> What is needed: Please go through the records below and return every line holding the word "inordK".
(Record extracts begins)
(* Let $0<\alpha_1\le\dots\le\alpha_n\le1$, $\alpha_0:=0$. For all $p,q\in\mathcal{S}_2^n$, the fractional join of $p,q$ with respect to the valuation $v_{\boldsymbol\alpha}$ equals the formal combination $$\sum_{i=0}^{n-1}\Big(\frac1{1+\alpha_i}-\frac1{1+\alpha_{i+1}}\Big)\big((p\vee_L^iq)+(p\vee_R^iq)\big)+\frac{1-\alpha_n}{1+\alpha_n}(p\sqcup^nq)$$ (coefficients of equal elements added).
   Context: $\mathcal{S}_2=\{-,0,+\}$ with minimum $0$ and incomparable $-,+$; $\mathcal{S}_2^n$ has the componentwise order. Operations on $\mathcal{S}_2$: $x\sqcup y$ is the larger of $x,y$ if comparable and $0$ if $\{x,y\}=\{-,+\}$; $x\sqcup_+y=+$ if $\{x,y\}=\{-,+\}$, else $x\sqcup y$; $x\vee_Ly=x$ if $x\ne0$ and $y$ if $x=0$; $x\vee_Ry=y$ if $y\ne0$ and $x$ if $y=0$. For $i=0,\dots,n$: $\sqcup^i,\vee_L^i,\vee_R^i$ apply $\sqcup_+$ in the first $i$ coordinates and respectively $\sqcup,\vee_L,\vee_R$ in the remaining coordinates. Valuation: $v_i(0)=0,v_i(+)=1,v_i(-)=\alpha_i$, $v_{\boldsymbol\alpha}(x)=\sum_iv_i(x_i)$. Fractional join w.r.t. $v=v_{\boldsymbol\alpha}$: $I(p,q)$ is the set of elements on shortest $p$–$q$ paths of the covering graph; $v(u;p,q)=(v(u\wedge p)-v(p\wedge q),v(u\wedge q)-v(p\wedge q))$ ($\wedge$ = meet); $\mathcal{E}(p,q)$ the $u\in I(p,q)$ with $v(u;p,q)$ a componentwise-maximal extreme point of the convex hull $\mathrm{Conv}I(p,q)$; $C(u;p,q)=\{w\in\mathbf{R}^2_{\ge0}:\langle w,v(u;p,q)\rangle=\max_{z\in\mathrm{Conv}I(p,q)}\langle w,z\rangle\}=\{(x,y)\ge0:y\cos\alpha\le x\sin\alpha,\ y\cos\beta\ge x\sin\beta\}$ ($0\le\beta\le\alpha\le\pi/2$), $[C]=\frac{\sin\alpha}{\sin\alpha+\cos\alpha}-\frac{\sin\beta}{\sin\beta+\cos\beta}$; the fractional join is $\sum_{u\in\mathcal{E}(p,q)}[C(u;p,q)]u$. *)

From HB Require Import structures.
From mathcomp Require Import all_boot all_order all_algebra.
From mathcomp Require Import boolp classical_sets reals trigo.
Set Implicit Arguments. Unset Strict Implicit. Unset Printing Implicit Defensive.
Import Order.TTheory GRing.Theory Num.Theory.
Local Open Scope ring_scope.

Inductive S2 := Mi | Ze | Pl.

Definition S2_to_o (x : S2) : 'I_3 :=
  match x with Mi => inord 0 | Ze => inord 1 | Pl => inord 2 end.
Definition o_to_S2 (i : 'I_3) : S2 :=
  match val i with 0 => Mi | 1 => Ze | _ => Pl end.
Lemma S2_toK : cancel S2_to_o o_to_S2.
Proof. by case; rewrite /o_to_S2 /= inordK. Qed.
HB.instance Definition _ := Finite.copy S2 (can_type S2_toK).

Definition le1 (a b : S2) : bool := (a == Ze) || (a == b).

Definition S2n (n : nat) := {ffun 'I_n -> S2}.

Definition leS (n : nat) (x y : S2n n) : bool := [forall i, le1 (x i) (y i)].
Definition ltS (n : nat) (x y : S2n n) : bool := (x != y) && leS x y.

Definition covers (n : nat) (x y : S2n n) : bool :=
  ltS x y && [forall z : S2n n, ~~ (ltS x z && ltS z y)].
Definition adj (n : nat) (x y : S2n n) : bool := covers x y || covers y x.

(* s is (the tail of) a walk from p to q in the covering graph, of length size s *)
Definition walk (n : nat) (p q : S2n n) (s : seq (S2n n)) : bool :=
  path (@adj n) p s && (last p s == q).

Definition Iset (n : nat) (p q : S2n n) (u : S2n n) : Prop :=
  exists s, [/\ walk p q s, u \in p :: s &
    forall s', walk p q s' -> (size s <= size s')%N].

Definition meet1 (a b : S2) : S2 := if a == b then a else Ze.
Definition meetS (n : nat) (x y : S2n n) : S2n n := [ffun i => meet1 (x i) (y i)].

Definition sqcup1 (a b : S2) : S2 :=
  if le1 a b then b else if le1 b a then a else Ze.
Definition sqcupP1 (a b : S2) : S2 :=
  if ((a == Mi) && (b == Pl)) || ((a == Pl) && (b == Mi)) then Pl else sqcup1 a b.
Definition veeL1 (a b : S2) : S2 := if a != Ze then a else b.
Definition veeR1 (a b : S2) : S2 := if b != Ze then b else a.

Definition sqcupI (n i : nat) (p q : S2n n) : S2n n :=
  [ffun j : 'I_n => if (j < i)%N then sqcupP1 (p j) (q j) else sqcup1 (p j) (q j)].
Definition veeLI (n i : nat) (p q : S2n n) : S2n n :=
  [ffun j : 'I_n => if (j < i)%N then sqcupP1 (p j) (q j) else veeL1 (p j) (q j)].
Definition veeRI (n i : nat) (p q : S2n n) : S2n n :=
  [ffun j : 'I_n => if (j < i)%N then sqcupP1 (p j) (q j) else veeR1 (p j) (q j)].

Section Real.
Variable R : realType.

Definition alph (alpha : nat -> R) (k : nat) : R := if k == 0%N then 0 else alpha k.

(* valuation: coordinate j : 'I_n (the (j+1)-th coordinate) uses alpha_(j+1) *)
Definition val1 (alpha : nat -> R) (j : nat) (a : S2) : R :=
  match a with Ze => 0 | Pl => 1 | Mi => alpha j.+1 end.
Definition valu (n : nat) (alpha : nat -> R) (x : S2n n) : R :=
  \sum_(j < n) val1 alpha j (x j).

Definition vpt (n : nat) (alpha : nat -> R) (p q u : S2n n) : R * R :=
  (valu alpha (meetS u p) - valu alpha (meetS p q),
   valu alpha (meetS u q) - valu alpha (meetS p q)).

Definition convI (n : nat) (alpha : nat -> R) (p q : S2n n) (z : R * R) : Prop :=
  exists lam : S2n n -> R,
    [/\ forall u, 0 <= lam u,
        forall u, ~ Iset p q u -> lam u = 0,
        \sum_u lam u = 1 &
        z = (\sum_u lam u * (vpt alpha p q u).1, \sum_u lam u * (vpt alpha p q u).2)].

Definition extreme_pt (K : R * R -> Prop) (z : R * R) : Prop :=
  K z /\ forall x y (t : R), K x -> K y -> 0 < t < 1 ->
    z = (t * x.1 + (1 - t) * y.1, t * x.2 + (1 - t) * y.2) -> x = y.

Definition cw_maximal (K : R * R -> Prop) (z : R * R) : Prop :=
  K z /\ forall z', K z' -> z.1 <= z'.1 -> z.2 <= z'.2 -> z' = z.

Definition Eset (n : nat) (alpha : nat -> R) (p q u : S2n n) : Prop :=
  Iset p q u /\ extreme_pt (convI alpha p q) (vpt alpha p q u)
             /\ cw_maximal (convI alpha p q) (vpt alpha p q u).

Definition dotp (w z : R * R) : R := w.1 * z.1 + w.2 * z.2.

Definition Ccone (n : nat) (alpha : nat -> R) (p q u : S2n n) (w : R * R) : Prop :=
  [/\ 0 <= w.1, 0 <= w.2, convI alpha p q (vpt alpha p q u) &
      forall z, convI alpha p q z -> dotp w z <= dotp w (vpt alpha p q u)].

Definition angle_cone (a b : R) (w : R * R) : Prop :=
  [/\ 0 <= w.1, 0 <= w.2, w.2 * cos a <= w.1 * sin a & w.2 * cos b >= w.1 * sin b].

Definition cone_meas (C : R * R -> Prop) : R :=
  xget 0 [set m | exists a b : R, [/\ 0 <= b, b <= a, a <= pi / 2,
     C = angle_cone a b &
     m = sin a / (sin a + cos a) - sin b / (sin b + cos b)]].

(* the fractional join, as a formal combination (coefficient function) *)
Definition frac_join (n : nat) (alpha : nat -> R) (p q : S2n n) : S2n n -> R :=
  fun x => if `[< Eset alpha p q x >] then cone_meas (Ccone alpha p q x) else 0.

Definition rhs_comb (n : nat) (alpha : nat -> R) (p q : S2n n) : S2n n -> R :=
  fun x =>
    \sum_(i < n) ((1 + alph alpha i)^-1 - (1 + alph alpha i.+1)^-1) *
        ((veeLI i p q == x)%:R + (veeRI i p q == x)%:R)
    + (1 - alph alpha n) / (1 + alph alpha n) * (sqcupI n p q == x)%:R.

End Real.

From Pilot Require Import Defs.
From HB Require Import structures.
From mathcomp Require Import all_boot all_order all_algebra.
From mathcomp Require Import boolp classical_sets reals trigo.
From mathcomp Require Import zify ring lra.
Import Order.TTheory GRing.Theory Num.Theory.
Set Implicit Arguments. Unset Strict Implicit. Unset Printing Implicit Defensive.

(* Distances in the covering graph of S_2^n add up over the coordinates, with
   d(-,+) = 2 since - and + are joined only through 0.  Hence I(p,q) is the
   product of the coordinatewise intervals and every functional
   <w, v(.;p,q)> is separable.  Parametrise the directions w >= 0 by their
   slope s = w_2 / (w_1 + w_2) in [0,1]: a coordinate value x_j is optimal
   exactly for the slopes of an interval whose ends lie in {0, 1, A_j, B_j},
   where A_j = a_j / (1 + a_j) and B_j = 1 / (1 + a_j) are the slopes at which
   - and + tie.  So the normal cone C(x;p,q) is the sector L(x) <= s <= U(x),
   [C] = max(0, U - L), and x is an extreme, componentwise maximal point
   exactly when L < U.  The breakpoints
   0 = A_0 <= ... <= A_n <= 1/2 <= B_n <= ... <= B_0 = 1 cut [0,1] into
   intervals on each of which a single element is optimal: p vee_L^k q on
   [A_k, A_(k+1)], p sqcup^n q on [A_n, B_n] and p vee_R^k q on
   [B_(k+1), B_k].  Summing the lengths of those inside [L(x), U(x)] gives
   [C(x;p,q)], the coefficient of x on the right-hand side. *)

(* Equality on S2 comes from a copied finType structure and does not compute. *)
Lemma S2_eqE (a b : S2) : (a == b) =
  match a, b with Mi, Mi | Ze, Ze | Pl, Pl => true | _, _ => false end.
Proof.
case: a; case: b => //=; try exact: eqxx; apply/eqP => /(congr1 (val \o S2_to_o)).
all: by rewrite /= !inordK.
Qed.

Definition dist1 (a b : S2) : nat :=
  match a, b with
  | Mi, Mi | Ze, Ze | Pl, Pl => 0
  | Mi, Pl | Pl, Mi => 2
  | _, _ => 1
  end.

Lemma dist1_triangle a b c : dist1 a c <= dist1 a b + dist1 b c.
Proof. by case: a; case: b; case: c. Qed.

Lemma dist1C a b : dist1 a b = dist1 b a.
Proof. by case: a; case: b. Qed.

Lemma dist1_eq0 a b : dist1 a b = 0 -> a = b.
Proof. by case: a; case: b. Qed.

Definition between1 (p q u : S2) : bool := dist1 p u + dist1 u q == dist1 p q.

Section Geodesics.
Variable n : nat.
Implicit Types (x y z p q u : S2n n) (s : seq (S2n n)).

Definition dist x y : nat := \sum_j dist1 (x j) (y j).
Theorem mainTheorem4 (R : realType) (n : nat) (Ic : pred 'I_n) (l u : vec R n)
  (f : vec R n -> R) (gamma delta xi0 theta : R)
  (x0 : vec R n) (s : nat -> vec R n) (D0 : set (vec R n))
  (* problem data *)
  (hlu : forall i, l i < u i)
  (hlz : forall i, ~~ Ic i -> l i \is a Num.int)
  (huz : forall i, ~~ Ic i -> u i \is a Num.int)
  (hLip : exists L : R, 0 < L /\
     forall x y : vec R n, (forall i, ~~ Ic i -> x i = y i) ->
       `|f x - f y| <= L * vnorm (vsub x y))
  (* algorithm data *)
  (hgamma : 0 < gamma) (hdelta : 0 < delta < 1)
  (hxi0 : 0 < xi0) (htheta : 0 < theta < 1)
  (hx0 : inXZ Ic l u x0)
  (hs : forall k, Dc Ic l u x0 (s k) /\ vnorm (s k) = 1)
  (hD0 : D0 `<=` Dz Ic l u x0)
  (* a run of the algorithm *)
  (x xt : nat -> vec R n) (xi atc : nat -> R) (D : nat -> set (vec R n))
  (at_ : nat -> vec R n -> R) (yp : nat -> vec R n)
  (hrun : DFNDFL_run Ic l u f gamma delta theta s x0 xi0 D0 x xt xi atc D at_ yp)
  (* x* an accumulation point of {x_k}_{k in H}, H = {k : xi_{k+1} < xi_k} *)
  (xstar : vec R n) (hxstar : inXZ Ic l u xstar)
  (hacc : forall eps : R, 0 < eps -> forall N : nat,
     exists k : nat, (N <= k)%N /\ xi k.+1 < xi k /\ vnorm (vsub (x k) xstar) < eps) :
  forall d : vec R n, Dz Ic l u xstar d -> f xstar <= f (vadd xstar d).
Proof.
have [L [L_gt0 f_lip]] := hLip.
have [theta_gt0 theta_lt1] := andP htheta.
exact: (f_le_discrete_neighbour (fun i => ltW (hlu i)) hgamma theta_gt0 theta_lt1
  hxi0 hx0 hs hrun L_gt0 hxstar f_lip hacc).
Qed.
(Record extracts ends)
> Output of the task:
Proof. by case; rewrite /o_to_S2 /= inordK. Qed.
all: by rewrite /= !inordK.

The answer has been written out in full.